WHAT THE TASK REQUIRES
Every line from the one with "Definition form_eq_dec (a" to the end of the data needs to be copied exactly, and no line before it.

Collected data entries
(* The system with axioms L1 $=i(i(x,y),i(i(y,z),i(x,z)))$, L2 $=i(i(n(x),x),x)$, L3 $=i(x,i(n(x),y))$ and condensed detachment as sole rule of inference admits strong double-negation elimination.
   Context: Formulas are terms built from propositional variables using the binary connective $i$ (implication) and the unary connective $n$ (negation). Condensed detachment: from a major premiss $i(A,B)$ and a minor premiss $C$, after renaming variables so that the two premisses share no variables, if $A$ and $C$ are unifiable with most general unifier $\sigma$, infer $B\sigma$. Alphabetic variants of axioms count as axioms, and conclusions may be renamed. A proof is a finite sequence of formulas each an axiom or obtained from earlier lines by the rule; deduced steps are the non-axiom lines. Given a formula $B$, a formula $B^*$ is obtained from $B$ by selecting some set of doubly negated subformulas $n(n(q))$ of $B$ and replacing all occurrences of each selected subformula by $q$. A system admits strong double-negation elimination if whenever it proves $B$ and $B^*$ is obtained from $B$ in this way, there is a proof of $B^*$ in the system in which every subformula of the form $n(n(t))$ of a deduced step occurs (up to renaming of variables) as a subformula of $B^*$. *)

From Stdlib Require Import List Arith.
Import ListNotations.

Inductive form : Type :=
| Var : nat -> form
| Imp : form -> form -> form
| Neg : form -> form.

Definition form_eq_dec (a b : form) : {a = b} + {a <> b}.
Proof. decide equality; apply Nat.eq_dec. Defined.

Fixpoint subst (s : nat -> form) (f : form) : form :=
  match f with
  | Var v => s v
  | Imp a b => Imp (subst s a) (subst s b)
  | Neg a => Neg (subst s a)
  end.

Fixpoint rename (r : nat -> nat) (f : form) : form :=
  match f with
  | Var v => Var (r v)
  | Imp a b => Imp (rename r a) (rename r b)
  | Neg a => Neg (rename r a)
  end.

Definition variant (A B : form) : Prop :=
  exists r : nat -> nat, (forall u v, r u = r v -> u = v) /\ rename r A = B.

Fixpoint occurs (v : nat) (f : form) : Prop :=
  match f with
  | Var w => v = w
  | Imp a b => occurs v a \/ occurs v b
  | Neg a => occurs v a
  end.

Fixpoint sub (t f : form) : Prop :=
  t = f \/
  match f with
  | Var _ => False
  | Imp a b => sub t a \/ sub t b
  | Neg a => sub t a
  end.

RESPONSE
Definition form_eq_dec (a b : form) : {a = b} + {a <> b}.
Proof. decide equality; apply Nat.eq_dec. Defined.

Fixpoint subst (s : nat -> form) (f : form) : form :=
  match f with
  | Var v => s v
  | Imp a b => Imp (subst s a) (subst s b)
  | Neg a => Neg (subst s a)
  end.

Fixpoint rename (r : nat -> nat) (f : form) : form :=
  match f with
  | Var v => Var (r v)
  | Imp a b => Imp (rename r a) (rename r b)
  | Neg a => Neg (rename r a)
  end.

Definition variant (A B : form) : Prop :=
  exists r : nat -> nat, (forall u v, r u = r v -> u = v) /\ rename r A = B.

Fixpoint occurs (v : nat) (f : form) : Prop :=
  match f with
  | Var w => v = w
  | Imp a b => occurs v a \/ occurs v b
  | Neg a => occurs v a
  end.

Fixpoint sub (t f : form) : Prop :=
  t = f \/
  match f with
  | Var _ => False
  | Imp a b => sub t a \/ sub t b
  | Neg a => sub t a
  end.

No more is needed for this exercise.